[Records Boundary: Start]

Definition fi_box (SL SR : X -> Prop) : formal_interval le -> Prop :=
  fun y => SL (fi_lo y) /\ SR (fi_hi y).

Section Box.
Variables SL SR : X -> Prop.
Hypothesis hcross : forall a b, SL a -> SR b -> le a b.

Lemma fi_box_directed :
  directed X le SL -> filtered X le SR -> directed _ (fi_le X le) (fi_box SL SR).
Proof.
  intros [[a ha] hSL] [[b hb] hSR]. split.
  - exists (exist _ (a, b) (hcross a b ha hb)). now split.
  - intros y y' [hy hy'] [hz hz'].
    destruct (hSL _ _ hy hz) as [a' [ha' [hya' hza']]].
    destruct (hSR _ _ hy' hz') as [b' [hb' [hb'y hb'z]]].
    exists (exist _ (a', b') (hcross a' b' ha' hb')).
    split; [now split | split; now split].
Qed.

Lemma fi_box_sup x :
  (exists a, SL a) -> (exists b, SR b) ->
  is_sup X le SL (fi_lo x) -> is_inf X le SR (fi_hi x) ->
  is_sup _ (fi_le X le) (fi_box SL SR) x.
Proof.
  intros [a0 ha0] [b0 hb0] [hSL_ub hSL_least] [hSR_lb hSR_greatest]. split.
  - intros y [hy hy']. split; [exact (hSL_ub _ hy) | exact (hSR_lb _ hy')].
  - intros u hu. split.
    + apply hSL_least. intros a ha.
      exact (proj1 (hu (exist _ (a, b0) (hcross a b0 ha hb0)) (conj ha hb0))).
    + apply hSR_greatest. intros b hb.
      exact (proj2 (hu (exist _ (a0, b) (hcross a0 b ha0 hb)) (conj ha0 hb))).
Qed.

End Box.

Definition fi_cinterval (x : formal_interval le) : IX le :=
  exist _ (cinterval X le (fi_lo x) (fi_hi x))
    (ex_intro _ (fi_lo x) (ex_intro _ (fi_hi x) (conj (fi_lo_le_hi x) eq_refl))).

Lemma fi_le_cinterval x y :
  fi_le X le x y <-> IX_le X le (fi_cinterval x) (fi_cinterval y).
Proof. symmetry. exact (cinterval_incl _ _ _ _ (fi_lo_le_hi y)). Qed.

Lemma fi_cinterval_inj x y : fi_cinterval x = fi_cinterval y -> x = y.
Proof.
  intros e. destruct fi_poset as [_ [fi_antisym _]].
  apply fi_antisym; apply fi_le_cinterval; rewrite e; now intros z.
Qed.

Lemma fi_cinterval_surj (A : IX le) : exists x, fi_cinterval x = A.
Proof.
  destruct A as [P [a [b [hab hP]]]].
  exists (exist _ (a, b) hab). now apply subset_eq_compat.
Qed.

Section Bicontinuous.
Hypothesis hb : bicontinuous X le.

Lemma waybelow_approximation z : exists S : X -> Prop,
  (forall a, S a -> waybelow X le a z) /\ directed X le S /\ is_sup X le S z.
Proof.
  destruct hb as [[_ [B hB]] _]. destruct (hB z) as [S [hS hSz]].
  exists S. split; [intros a ha; exact (proj2 (hS a ha)) | exact hSz].
Qed.

Lemma waybelow_inf_filtered x y : waybelow X le x y ->
  forall S s, filtered X le S -> is_inf X le S s -> le s x -> exists z, S z /\ le z y.
Proof. exact (proj1 (proj1 (proj2 hb) x y)). Qed.

Lemma not_le_waybelow_above p z : ~ le p z -> exists b, waybelow X le z b /\ ~ le p b.
Proof.
  intros hpz. apply NNPP. intros hnone. apply hpz.
  apply (proj2 (proj2 (proj2 (proj2 hb) z))). intros b hzb.
  apply NNPP. intros hpb. exact (hnone (ex_intro _ b (conj hzb hpb))).
Qed.

Lemma not_le_waybelow_below z q : ~ le z q -> exists a, waybelow X le a z /\ ~ le a q.
Proof.
  intros hzq. destruct (waybelow_approximation z) as [S [hS [_ [_ hSz]]]].
  apply NNPP. intros hnone. apply hzq. apply hSz. intros a ha.
  apply NNPP. intros haq. exact (hnone (ex_intro _ a (conj (hS a ha) haq))).
Qed.

Lemma interval_open_not_cinterval p q :
  interval_open X le (fun z => ~ cinterval X le p q z).
Proof.
  intros z hz. apply not_and_or in hz as [hpz|hzq].
  - destruct (not_le_waybelow_above p z hpz) as [b [hzb hpb]].
    destruct (waybelow_approximation z) as [S [hS [[[a ha] _] _]]].
    exists a, b. split; [exact (hS a ha)|]. split; [exact hzb|].
    intros w _ hwb [hpw _]. exact (hpb (le_trans _ _ _ hpw (waybelow_le _ _ hwb))).
  - destruct (not_le_waybelow_below z q hzq) as [a [haz haq]].
    destruct (proj2 (proj2 hb) z) as [[[b hzb] _] _].
    exists a, b. split; [exact haz|]. split; [exact hzb|].
    intros w haw _ [_ hwq]. exact (haq (le_trans _ _ _ (waybelow_le _ _ haw) hwq)).
Qed.

Lemma directed_bounded_sup a b (L : X -> Prop) :
  interval_compact X le (cinterval X le a b) ->
  directed X le L -> L a -> (forall l, L l -> le l b) -> exists s, is_sup X le L s.
Proof.
  intros hK hL ha hLb.
  destruct (compact_fip le _ (fun p => L (fst p) /\ forall l, L l -> le l (snd p))
    (fun p => cinterval X le (fst p) (snd p)) hK) as [s [_ hs]].
  - intros p _. apply interval_open_not_cinterval.
  - intros ps hps.
    destruct (directed_list_ub le le_trans L hL a (map fst ps) ha) as [m [hm [ham hpsm]]].
    { intros l hl. apply in_map_iff in hl as [p [<- hp]]. exact (proj1 (hps p hp)). }
    exists m. split; [split; [exact ham | exact (hLb m hm)]|].
    intros p hp. split; [apply hpsm, in_map, hp | exact (proj2 (hps p hp) m hm)].
  - exists s. split.
    + intros l hl. exact (proj1 (hs (l, b) (conj hl hLb))).
    + intros u hu. exact (proj2 (hs (a, u) (conj ha hu))).
Qed.

Lemma filtered_bounded_inf a b (R : X -> Prop) :
  interval_compact X le (cinterval X le a b) ->
  filtered X le R -> R b -> (forall r, R r -> le a r) -> exists t, is_inf X le R t.
Proof.
  intros hK hR hb' haR.
  destruct (compact_fip le _ (fun p => (forall r, R r -> le (fst p) r) /\ R (snd p))
    (fun p => cinterval X le (fst p) (snd p)) hK) as [t [_ ht]].
  - intros p _. apply interval_open_not_cinterval.
  - intros ps hps.
    destruct (directed_list_ub (fun x y => le y x) (fun x y z hxy hyz => le_trans _ _ _ hyz hxy)
      R hR b (map snd ps) hb') as [m [hm [hmb hpsm]]].
    { intros r hr. apply in_map_iff in hr as [p [<- hp]]. exact (proj2 (hps p hp)). }
    exists m. split; [split; [exact (haR m hm) | exact hmb]|].
    intros p hp. split; [exact (proj1 (hps p hp) m hm) | apply hpsm, in_map, hp].
  - exists t. split.
    + intros r hr. exact (proj2 (ht (a, r) (conj haR hr))).
    + intros u hu. exact (proj1 (ht (u, b) (conj hu hb'))).
Qed.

[Records Boundary: End]

■ Aim of the task ■
All records above are to be output again exactly as they stand.

■ Exercise result ■
Definition fi_box (SL SR : X -> Prop) : formal_interval le -> Prop :=
  fun y => SL (fi_lo y) /\ SR (fi_hi y).

Section Box.
Variables SL SR : X -> Prop.
Hypothesis hcross : forall a b, SL a -> SR b -> le a b.

Lemma fi_box_directed :
  directed X le SL -> filtered X le SR -> directed _ (fi_le X le) (fi_box SL SR).
Proof.
  intros [[a ha] hSL] [[b hb] hSR]. split.
  - exists (exist _ (a, b) (hcross a b ha hb)). now split.
  - intros y y' [hy hy'] [hz hz'].
    destruct (hSL _ _ hy hz) as [a' [ha' [hya' hza']]].
    destruct (hSR _ _ hy' hz') as [b' [hb' [hb'y hb'z]]].
    exists (exist _ (a', b') (hcross a' b' ha' hb')).
    split; [now split | split; now split].
Qed.

Lemma fi_box_sup x :
  (exists a, SL a) -> (exists b, SR b) ->
  is_sup X le SL (fi_lo x) -> is_inf X le SR (fi_hi x) ->
  is_sup _ (fi_le X le) (fi_box SL SR) x.
Proof.
  intros [a0 ha0] [b0 hb0] [hSL_ub hSL_least] [hSR_lb hSR_greatest]. split.
  - intros y [hy hy']. split; [exact (hSL_ub _ hy) | exact (hSR_lb _ hy')].
  - intros u hu. split.
    + apply hSL_least. intros a ha.
      exact (proj1 (hu (exist _ (a, b0) (hcross a b0 ha hb0)) (conj ha hb0))).
    + apply hSR_greatest. intros b hb.
      exact (proj2 (hu (exist _ (a0, b) (hcross a0 b ha0 hb)) (conj ha0 hb))).
Qed.

End Box.

Definition fi_cinterval (x : formal_interval le) : IX le :=
  exist _ (cinterval X le (fi_lo x) (fi_hi x))
    (ex_intro _ (fi_lo x) (ex_intro _ (fi_hi x) (conj (fi_lo_le_hi x) eq_refl))).

Lemma fi_le_cinterval x y :
  fi_le X le x y <-> IX_le X le (fi_cinterval x) (fi_cinterval y).
Proof. symmetry. exact (cinterval_incl _ _ _ _ (fi_lo_le_hi y)). Qed.

Lemma fi_cinterval_inj x y : fi_cinterval x = fi_cinterval y -> x = y.
Proof.
  intros e. destruct fi_poset as [_ [fi_antisym _]].
  apply fi_antisym; apply fi_le_cinterval; rewrite e; now intros z.
Qed.

Lemma fi_cinterval_surj (A : IX le) : exists x, fi_cinterval x = A.
Proof.
  destruct A as [P [a [b [hab hP]]]].
  exists (exist _ (a, b) hab). now apply subset_eq_compat.
Qed.

Section Bicontinuous.
Hypothesis hb : bicontinuous X le.

Lemma waybelow_approximation z : exists S : X -> Prop,
  (forall a, S a -> waybelow X le a z) /\ directed X le S /\ is_sup X le S z.
Proof.
  destruct hb as [[_ [B hB]] _]. destruct (hB z) as [S [hS hSz]].
  exists S. split; [intros a ha; exact (proj2 (hS a ha)) | exact hSz].
Qed.

Lemma waybelow_inf_filtered x y : waybelow X le x y ->
  forall S s, filtered X le S -> is_inf X le S s -> le s x -> exists z, S z /\ le z y.
Proof. exact (proj1 (proj1 (proj2 hb) x y)). Qed.

Lemma not_le_waybelow_above p z : ~ le p z -> exists b, waybelow X le z b /\ ~ le p b.
Proof.
  intros hpz. apply NNPP. intros hnone. apply hpz.
  apply (proj2 (proj2 (proj2 (proj2 hb) z))). intros b hzb.
  apply NNPP. intros hpb. exact (hnone (ex_intro _ b (conj hzb hpb))).
Qed.

Lemma not_le_waybelow_below z q : ~ le z q -> exists a, waybelow X le a z /\ ~ le a q.
Proof.
  intros hzq. destruct (waybelow_approximation z) as [S [hS [_ [_ hSz]]]].
  apply NNPP. intros hnone. apply hzq. apply hSz. intros a ha.
  apply NNPP. intros haq. exact (hnone (ex_intro _ a (conj (hS a ha) haq))).
Qed.

Lemma interval_open_not_cinterval p q :
  interval_open X le (fun z => ~ cinterval X le p q z).
Proof.
  intros z hz. apply not_and_or in hz as [hpz|hzq].
  - destruct (not_le_waybelow_above p z hpz) as [b [hzb hpb]].
    destruct (waybelow_approximation z) as [S [hS [[[a ha] _] _]]].
    exists a, b. split; [exact (hS a ha)|]. split; [exact hzb|].
    intros w _ hwb [hpw _]. exact (hpb (le_trans _ _ _ hpw (waybelow_le _ _ hwb))).
  - destruct (not_le_waybelow_below z q hzq) as [a [haz haq]].
    destruct (proj2 (proj2 hb) z) as [[[b hzb] _] _].
    exists a, b. split; [exact haz|]. split; [exact hzb|].
    intros w haw _ [_ hwq]. exact (haq (le_trans _ _ _ (waybelow_le _ _ haw) hwq)).
Qed.

Lemma directed_bounded_sup a b (L : X -> Prop) :
  interval_compact X le (cinterval X le a b) ->
  directed X le L -> L a -> (forall l, L l -> le l b) -> exists s, is_sup X le L s.
Proof.
  intros hK hL ha hLb.
  destruct (compact_fip le _ (fun p => L (fst p) /\ forall l, L l -> le l (snd p))
    (fun p => cinterval X le (fst p) (snd p)) hK) as [s [_ hs]].
  - intros p _. apply interval_open_not_cinterval.
  - intros ps hps.
    destruct (directed_list_ub le le_trans L hL a (map fst ps) ha) as [m [hm [ham hpsm]]].
    { intros l hl. apply in_map_iff in hl as [p [<- hp]]. exact (proj1 (hps p hp)). }
    exists m. split; [split; [exact ham | exact (hLb m hm)]|].
    intros p hp. split; [apply hpsm, in_map, hp | exact (proj2 (hps p hp) m hm)].
  - exists s. split.
    + intros l hl. exact (proj1 (hs (l, b) (conj hl hLb))).
    + intros u hu. exact (proj2 (hs (a, u) (conj ha hu))).
Qed.

Lemma filtered_bounded_inf a b (R : X -> Prop) :
  interval_compact X le (cinterval X le a b) ->
  filtered X le R -> R b -> (forall r, R r -> le a r) -> exists t, is_inf X le R t.
Proof.
  intros hK hR hb' haR.
  destruct (compact_fip le _ (fun p => (forall r, R r -> le (fst p) r) /\ R (snd p))
    (fun p => cinterval X le (fst p) (snd p)) hK) as [t [_ ht]].
  - intros p _. apply interval_open_not_cinterval.
  - intros ps hps.
    destruct (directed_list_ub (fun x y => le y x) (fun x y z hxy hyz => le_trans _ _ _ hyz hxy)
      R hR b (map snd ps) hb') as [m [hm [hmb hpsm]]].
    { intros r hr. apply in_map_iff in hr as [p [<- hp]]. exact (proj2 (hps p hp)). }
    exists m. split; [split; [exact (haR m hm) | exact hmb]|].
    intros p hp. split; [exact (proj1 (hps p hp) m hm) | apply hpsm, in_map, hp].
  - exists t. split.
    + intros r hr. exact (proj2 (ht (a, r) (conj haR hr))).
    + intros u hu. exact (proj1 (ht (u, b) (conj hu hb'))).
Qed.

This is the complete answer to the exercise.